I was struck when I first opened it that it only took one click to basically bring all my context from Chrome over to Comet, even my extensions. So, why decide to go that route of building Comet on Chromium versus doing something fully from scratch?

First of all, Chromium is a great contribution to the world. Most of the things they did on reimagining tabs as processes and the way they’ve gone about security, encryption, and just the performance, the core back-end performance of Chromium as an engine, rendering engines that they have, is all really good. There’s no need to reinvent that. And at the same time, it’s an open-source project, so it’s easy to hire developers for Perplexity. They can work on the Comet browser, especially if it’s something that has open standards, and we want to continue contributing to Chromium also.

So we don’t want to just consume Chromium and build a product out of it, but we actually want to give back to the ecosystem. So that’s natural. And the second thing is, it’s the dominant browser right now.Chrome, and almost if you actually include Edge — which is also a Chromium fork — DuckDuckGo, Brave, they’re all Chromium forks, only Safari’s based on WebKit. So, it’s actually the dominant browser and there’s no need to reinvent the wheel here.

In terms of UI, we felt like it would be better to retain the most familiar UI people are already used to, which honestly is the Chrome UI. And Safari is a slightly different UI and some people like it, some people do not, and it’s still a much smaller share of the market. And imports need to work, otherwise you’re going to be like, ‘Oh, this is not working, oh, that thing doesn’t have all my personal contacts, I’m missing out on it. I don’t want to go through the friction of logging into all the apps again.’
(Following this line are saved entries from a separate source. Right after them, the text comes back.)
(* Let $\mu>0$, $u_a\in\mathbb{R}$, $\omega_0\ge0$, $\sigma_0\in\mathbb{R}$, and let $\alpha_l,\alpha_r,u_l,u_r$ be continuous functions on $[0,\infty)$ with $\alpha_l(t),\alpha_r(t)>0$ and $u_l(t)>u_r(t)$ for all $t\ge0$. Suppose $(\omega,\sigma)\in\mathcal{C}^1([0,\infty))^2$ solves $$\frac{d\omega}{dt}=(\alpha_r-\alpha_l)\sigma-(\alpha_ru_r-\alpha_lu_l),\quad \frac{d(\omega\sigma)}{dt}=(\alpha_ru_r-\alpha_lu_l)\sigma-(\alpha_ru_r^2-\alpha_lu_l^2)+\mu(u_a-\sigma)\omega,$$ with $\omega(0)=\omega_0$, $\sigma(0)\omega(0)=\sigma_0\omega_0$. If $u_r(t)<\sigma(t)<u_l(t)$ for all $t\ge0$, then $\omega(t_2)>\omega(t_1)$ whenever $t_2>t_1\ge0$. In particular, in the Riemann case $\alpha_l\equiv\alpha_->0$, $\alpha_r\equiv\alpha_+>0$, $u_l(t)=u_a+(u_--u_a)e^{-\mu t}$, $u_r(t)=u_a+(u_+-u_a)e^{-\mu t}$ with $u_->u_+$, one has $\omega(t)\ge\omega_0+\frac{K(1-e^{-\mu t})}{\mu}$ for all $t\ge0$, where $K=\min\{\alpha_-,\alpha_+\}(u_--u_+)$. *)

From Stdlib Require Import Reals.
Open Scope R_scope.

Definition cont_nonneg (f : R -> R) : Prop :=
  forall t, 0 <= t -> forall eps, 0 < eps -> exists delta, 0 < delta /\
    forall s, 0 <= s -> Rabs (s - t) < delta -> Rabs (f s - f t) < eps.

Definition has_deriv_nonneg (f f' : R -> R) : Prop :=
  forall t, 0 <= t -> forall eps, 0 < eps -> exists delta, 0 < delta /\
    forall h, h <> 0 -> Rabs h < delta -> 0 <= t + h ->
      Rabs ((f (t + h) - f t) / h - f' t) < eps.

Definition C1_nonneg (f : R -> R) : Prop :=
  exists f', has_deriv_nonneg f f' /\ cont_nonneg f'.

Definition solves (mu ua om0 sig0 : R) (al ar ul ur om sig : R -> R) : Prop :=
  C1_nonneg om /\ C1_nonneg sig /\
  has_deriv_nonneg om
    (fun t => (ar t - al t) * sig t - (ar t * ur t - al t * ul t)) /\
  has_deriv_nonneg (fun t => om t * sig t)
    (fun t => (ar t * ur t - al t * ul t) * sig t
              - (ar t * (ur t)^2 - al t * (ul t)^2)
              + mu * (ua - sig t) * om t) /\
  om 0 = om0 /\ sig 0 * om 0 = sig0 * om0.

(* The left-hand side of the first equation is the speed of ω, and it rewrites
   as α_r (σ - u_r) + α_l (u_l - σ), a sum of two positive terms while
   u_r < σ < u_l; a mean value theorem for one-sided derivatives on [0, ∞)
   then gives strict monotonicity of ω.  In the Riemann case the same
   expression is at least min(α_-, α_+) (u_l - u_r) = K e^{-μt}, so
   ω(t) - K (1 - e^{-μt}) / μ has a nonnegative derivative and is
   nondecreasing. *)

From Stdlib Require Import Reals Lra.
From Coquelicot Require Import Coquelicot.
Open Scope R_scope.

Section OneSidedCalculus.

Variables f f' : R -> R.
Hypothesis f_deriv : has_deriv_nonneg f f'.

Lemma has_deriv_nonneg_local_lipschitz x : 0 <= x ->
  exists d, 0 < d /\ forall y, 0 <= y -> Rabs (y - x) < d ->
    Rabs (f y - f x) <= (Rabs (f' x) + 1) * Rabs (y - x).
Proof.
  intros Hx. destruct (f_deriv x Hx 1 ltac:(lra)) as [d [Hd0 H]].
  exists d; split; [exact Hd0|]. intros y Hy Hyx.
  destruct (Req_dec y x) as [->|Hne].
  { rewrite !Rminus_diag, !Rabs_R0. lra. }
  set (h := y - x). assert (Hh : h <> 0) by (unfold h; lra).
  specialize (H h Hh Hyx ltac:(unfold h; lra)).
  replace (x + h) with y in H by (unfold h; ring).
  assert (Hq : Rabs ((f y - f x) / h) < Rabs (f' x) + 1).
  { pose proof (Rabs_triang ((f y - f x) / h - f' x) (f' x)) as Htri.
    replace ((f y - f x) / h - f' x + f' x) with ((f y - f x) / h) in Htri by ring.
    lra. }
  replace (f y - f x) with ((f y - f x) / h * h) by (field; exact Hh).
  rewrite Rabs_mult. apply Rmult_le_compat_r; [apply Rabs_pos | lra].
Qed.

(* Clamping the argument at 0 extends [f] to a function on all of R that is
   continuous on [0, ∞), so that the two-sided MVT of Coquelicot applies. *)
Let f_clamped x := f (Rmax x 0).

Lemma clamped_eq x : 0 <= x -> f_clamped x = f x.
Proof. intros Hx. unfold f_clamped. now rewrite Rmax_left. Qed.

Lemma clamped_derivable x : 0 < x -> derivable_pt_lim f_clamped x (f' x).
Proof.
  intros Hx eps Heps.
  destruct (f_deriv x ltac:(lra) eps Heps) as [d [Hd0 H]].
  assert (Hm : 0 < Rmin d x) by (apply Rmin_pos; lra).
  exists (mkposreal _ Hm). intros h Hh Hhd. simpl in Hhd.
  pose proof (Rmin_l d x); pose proof (Rmin_r d x).
  assert (Hxh : 0 <= x + h) by (apply Rabs_def2 in Hhd; lra).
  rewrite (clamped_eq _ Hxh), (clamped_eq x ltac:(lra)).
  apply H; [exact Hh | lra | exact Hxh].
Qed.

Lemma clamped_continuous x : 0 <= x -> continuity_pt f_clamped x.
Proof.
  intros Hx. destruct (has_deriv_nonneg_local_lipschitz x Hx) as [d [Hd0 H]].
  set (C := Rabs (f' x) + 1).
  assert (HC : 0 < C) by (unfold C; pose proof (Rabs_pos (f' x)); lra).
  intros eps Heps.
  exists (Rmin d (eps / C)); split.
  { apply Rmin_pos; [lra | apply Rdiv_lt_0_compat; lra]. }
  intros y [_ Hy]. simpl in *. unfold R_dist in *.
  pose proof (Rmin_l d (eps / C)); pose proof (Rmin_r d (eps / C)).
  rewrite (clamped_eq x Hx).
  assert (Hclose : Rabs (Rmax y 0 - x) <= Rabs (y - x)).
  { unfold Rmax; destruct (Rle_dec y 0); [rewrite !Rabs_left1 by lra|]; lra. }
  eapply Rle_lt_trans; [apply (H (Rmax y 0) (Rmax_r y 0)); lra|].
  replace eps with (C * (eps / C)) by (field; lra).
  apply Rmult_lt_compat_l; lra.
Qed.

Lemma MVT_nonneg a b : 0 <= a -> a < b ->
  exists c, a <= c <= b /\ f b - f a = f' c * (b - a).
Proof.
  intros Ha Hab.
  destruct (MVT_gen f_clamped a b f') as [c [Hc Heq]];
    rewrite ?Rmin_left, ?Rmax_right in * by lra.
  - intros x Hx. apply is_derive_Reals, clamped_derivable. lra.
  - intros x Hx. apply clamped_continuous. lra.
  - exists c; split; [exact Hc|].
    now rewrite <- (clamped_eq b), <- (clamped_eq a) by lra.
Qed.

Lemma has_deriv_nonneg_increasing :
  (forall t, 0 <= t -> 0 < f' t) ->
  forall a b, 0 <= a -> a < b -> f a < f b.
Proof.
  intros Hpos a b Ha Hab.
  destruct (MVT_nonneg a b Ha Hab) as [c [Hc Heq]].
  pose proof (Rmult_lt_0_compat _ _ (Hpos c ltac:(lra)) (proj2 (Rlt_0_minus a b) Hab)).
  lra.
Qed.

Lemma has_deriv_nonneg_nondecreasing :
  (forall t, 0 <= t -> 0 <= f' t) ->
  forall a b, 0 <= a -> a <= b -> f a <= f b.
Proof.
  intros Hnn a b Ha Hab.
  destruct (Req_dec a b) as [->|Hne]; [lra|].
  destruct (MVT_nonneg a b Ha ltac:(lra)) as [c [Hc Heq]].
  pose proof (Rmult_le_pos _ _ (Hnn c ltac:(lra)) (Rge_le _ _ (Rge_minus b a ltac:(lra)))).
  lra.
Qed.

Lemma has_deriv_nonneg_minus (g g' : R -> R) :
  (forall t, derivable_pt_lim g t (g' t)) ->
  has_deriv_nonneg (fun t => f t - g t) (fun t => f' t - g' t).
Proof.
  intros Hg s Hs eps Heps.
  destruct (Hg s (eps / 2) ltac:(lra)) as [d1 Hd1].
  destruct (f_deriv s Hs (eps / 2) ltac:(lra)) as [d2 [Hd2 H2]].
  exists (Rmin d1 d2); split; [apply Rmin_pos; [apply cond_pos | lra]|].
  intros h Hh Hhd Hsh.
  pose proof (Rmin_l d1 d2); pose proof (Rmin_r d1 d2).
  specialize (Hd1 h Hh ltac:(lra)). specialize (H2 h Hh ltac:(lra) Hsh).
  replace ((f (s + h) - g (s + h) - (f s - g s)) / h - (f' s - g' s))
    with (((f (s + h) - f s) / h - f' s) + - ((g (s + h) - g s) / h - g' s))
    by (field; exact Hh).
  pose proof (Rabs_triang ((f (s + h) - f s) / h - f' s)
                          (- ((g (s + h) - g s) / h - g' s))) as Htri.
  rewrite Rabs_Ropp in Htri. lra.
Qed.

End OneSidedCalculus.

Lemma omega_speed_eq al ar ul ur s :
  (ar - al) * s - (ar * ur - al * ul) = ar * (s - ur) + al * (ul - s).
Proof. ring. Qed.

Lemma omega_speed_pos al ar ul ur s :
  0 < al -> 0 < ar -> ur < s < ul ->
  0 < (ar - al) * s - (ar * ur - al * ul).
Proof.
  intros Hl Hr Hs. rewrite omega_speed_eq.
  apply Rplus_lt_0_compat; apply Rmult_lt_0_compat; lra.
Qed.

Lemma omega_speed_ge_min al ar ul ur s :
  0 < al -> 0 < ar -> ur <= s <= ul ->
  Rmin al ar * (ul - ur) <= (ar - al) * s - (ar * ur - al * ul).
Proof.
  intros Hl Hr Hs. rewrite omega_speed_eq.
  pose proof (Rmin_l al ar); pose proof (Rmin_r al ar).
  replace (Rmin al ar * (ul - ur))
    with (Rmin al ar * (s - ur) + Rmin al ar * (ul - s)) by ring.
  nra.
Qed.

Lemma derivable_pt_lim_exp_integral K mu t : 0 < mu ->
  derivable_pt_lim (fun s => K * (1 - exp (- mu * s)) / mu) t
    (K * exp (- mu * t)).
Proof.
  intros Hmu. apply is_derive_Reals. auto_derive; [exact I|]. field. lra.
Qed.

Theorem mainTheorem12 :
  (forall (mu ua om0 sig0 : R) (al ar ul ur om sig : R -> R),
    0 < mu -> 0 <= om0 ->
    cont_nonneg al -> cont_nonneg ar -> cont_nonneg ul -> cont_nonneg ur ->
    (forall t, 0 <= t -> 0 < al t /\ 0 < ar t /\ ur t < ul t) ->
    solves mu ua om0 sig0 al ar ul ur om sig ->
    (forall t, 0 <= t -> ur t < sig t < ul t) ->
    forall t1 t2, 0 <= t1 -> t1 < t2 -> om t1 < om t2)
  /\
  (forall (mu ua om0 sig0 am ap um up : R) (om sig : R -> R),
    0 < mu -> 0 <= om0 -> 0 < am -> 0 < ap -> up < um ->
    let al := fun _ : R => am in
    let ar := fun _ : R => ap in
    let ul := fun t => ua + (um - ua) * exp (- mu * t) in
    let ur := fun t => ua + (up - ua) * exp (- mu * t) in
    solves mu ua om0 sig0 al ar ul ur om sig ->
    (forall t, 0 <= t -> ur t < sig t < ul t) ->
    forall t, 0 <= t ->
      om t >= om0 + Rmin am ap * (um - up) * (1 - exp (- mu * t)) / mu).
Proof.
  split.
  - intros mu ua om0 sig0 al ar ul ur om sig _ _ _ _ _ _ Hcoef
      [_ [_ [Hom _]]] Hsig.
    apply (has_deriv_nonneg_increasing _ _ Hom). intros t Ht.
    destruct (Hcoef t Ht) as [Hl [Hr _]].
    exact (omega_speed_pos _ _ _ _ _ Hl Hr (Hsig t Ht)).
  - intros mu ua om0 sig0 am ap um up om sig Hmu _ Ham Hap _ al ar ul ur
      [_ [_ [Hom [_ [Hom0 _]]]]] Hsig t Ht.
    set (K := Rmin am ap * (um - up)).
    pose proof (has_deriv_nonneg_minus _ _ Hom _ _
      (fun s => derivable_pt_lim_exp_integral K mu s Hmu)) as Hg.
    assert (Hg_slope : forall s, 0 <= s ->
      0 <= (ar s - al s) * sig s - (ar s * ur s - al s * ul s)
           - K * exp (- mu * s)).
    { intros s Hs. destruct (Hsig s Hs) as [Hr Hl].
      pose proof (omega_speed_ge_min am ap (ul s) (ur s) (sig s) Ham Hap
        ltac:(lra)) as Hspeed.
      replace (ul s - ur s) with ((um - up) * exp (- mu * s)) in Hspeed
        by (unfold ul, ur; ring).
      unfold K, al, ar. lra. }
    pose proof (has_deriv_nonneg_nondecreasing _ _ Hg Hg_slope 0 t (Rle_refl 0) Ht)
      as Hmono.
    cbv beta in Hmono.
    rewrite Hom0, Rmult_0_r, exp_0, Rminus_diag, Rmult_0_r, Rdiv_0_l in Hmono.
    lra.
Qed.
I think that that was very important for us for the onboarding step, which is not only onboarding you as a human but also onboarding the AI. Because the moment you’re already logged into all the third-party apps that you are logged in on Chrome in the exact same security standards, the agent gets access to that on your client and can immediately show you the magic of the product.

And the agent is seeing it, but you, Perplexity, are not. You’re not using all of the Chrome data I instantly bring over to train on me or anything like that?

No. The agent only sees it when you ask a relevant prompt. For example, ‘Based on what I’ve ordered on Amazon in the last month, recommend me some new supplements’ or, ‘Go and order the magnesium supplement that I’ve already ordered frequently on Amazon.’ The agent only sees that for that one singular prompt and doesn’t actually store your entire Amazon history on our servers, and you can always ensure that your prompts get deleted from our servers.

So, even the prompts we can choose not to look at, even for fine-tuning purposes. Let’s say we want to make our agents good at an aggregate or like, users have done Amazon shopping queries, let’s go and make it better on that. We don’t even need to look at that if you choose to not retain your prompt. So that’s the level of privacy and security we want to offer.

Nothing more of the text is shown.